Lemma Euler_derive2_eq0 (G : R -> R) (y : R) :
  (forall z, G z = z * derive1 G z) -> derivable (derive1 G) y 1 ->
  y * derive1 (derive1 G) y = 0.
Proof.
move=> hG dG'.
have E : G = (fun z => z) * derive1 G by apply/funext => z; rewrite mulrfctE hG.
have dP := @is_deriveM _ _ (fun z => z) (derive1 G) y 1 1 _
  (is_derive_id y 1) (derivableP dG').
have := @derive_val _ _ _ _ _ _ _ dP.
by rewrite -E -!derive1E -[_ *: _]/(_ * _) -[_ *: 1]/(_ * 1); lra.
Qed.

Lemma Lie_sym_dilation_derive2_eq0 (F : R -> R -> R -> R) : smooth3 F ->
  is_Lie_sym F (fun _ _ _ => 0) (fun _ _ _ => 0) (fun _ _ u => u) ->
  forall t x, pd3 Du3 (pd3 Du3 F) t x 1 = 0.
Proof.
move=> hF hS t x.
have hE z : F t x z = z * pd3 Du3 F t x z.
  have eta1 : (fun _ _ u => u) = (fun _ _ u => 1 * u) :> (R -> R -> R -> R).
    by apply/funext => ?; apply/funext => ?; apply/funext => ?; rewrite mul1r.
  rewrite eta1 in hS.
  by have := hS t x z 0 0 0 0; rewrite etaXT_linear !mul0r !add0r !mul1r.
have [_ _ dFu] := (hF [:: Du3]).2 t x 1.
by have := Euler_derive2_eq0 _ 1 hE dFu; rewrite mul1r.
Qed.

Lemma Lie_sym_shift_derive2_eq0 (F : R -> R -> R -> R) (g : R -> R -> R) (t x : R) :
  smooth3 F -> g t x != 0 ->
  is_Lie_sym F (fun _ _ _ => 0) (fun _ _ _ => 0) (fun t x _ => g t x) ->
  forall u, pd3 Du3 (pd3 Du3 F) t x u = 0.
Proof.
move=> hF g0 hS u.
have [_ _ /= dFu] := (hF [:: Du3]).2 t x u.
have := derive1Ml (g t x) dFu.
have -> : (fun u => g t x * pd3 Du3 F t x u) =
    fun _ => derive1 (fun y => derive1 (g y) x) t.
  by apply/funext => z; have := hS t x z 0 0 0 0; rewrite etaXT_fun => ->; ring.
by rewrite derive1_cst => /esym/eqP; rewrite mulf_eq0 (negbTE g0) => /eqP.
Qed.

End Degenerate.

########

### Exercise directions
Output each line of the records above exactly, beginning at the first, and stop once the line containing "have E : G = (fun" has been output.

### Response for this exercise
Lemma Euler_derive2_eq0 (G : R -> R) (y : R) :
  (forall z, G z = z * derive1 G z) -> derivable (derive1 G) y 1 ->
  y * derive1 (derive1 G) y = 0.
Proof.
move=> hG dG'.
have E : G = (fun z => z) * derive1 G by apply/funext => z; rewrite mulrfctE hG.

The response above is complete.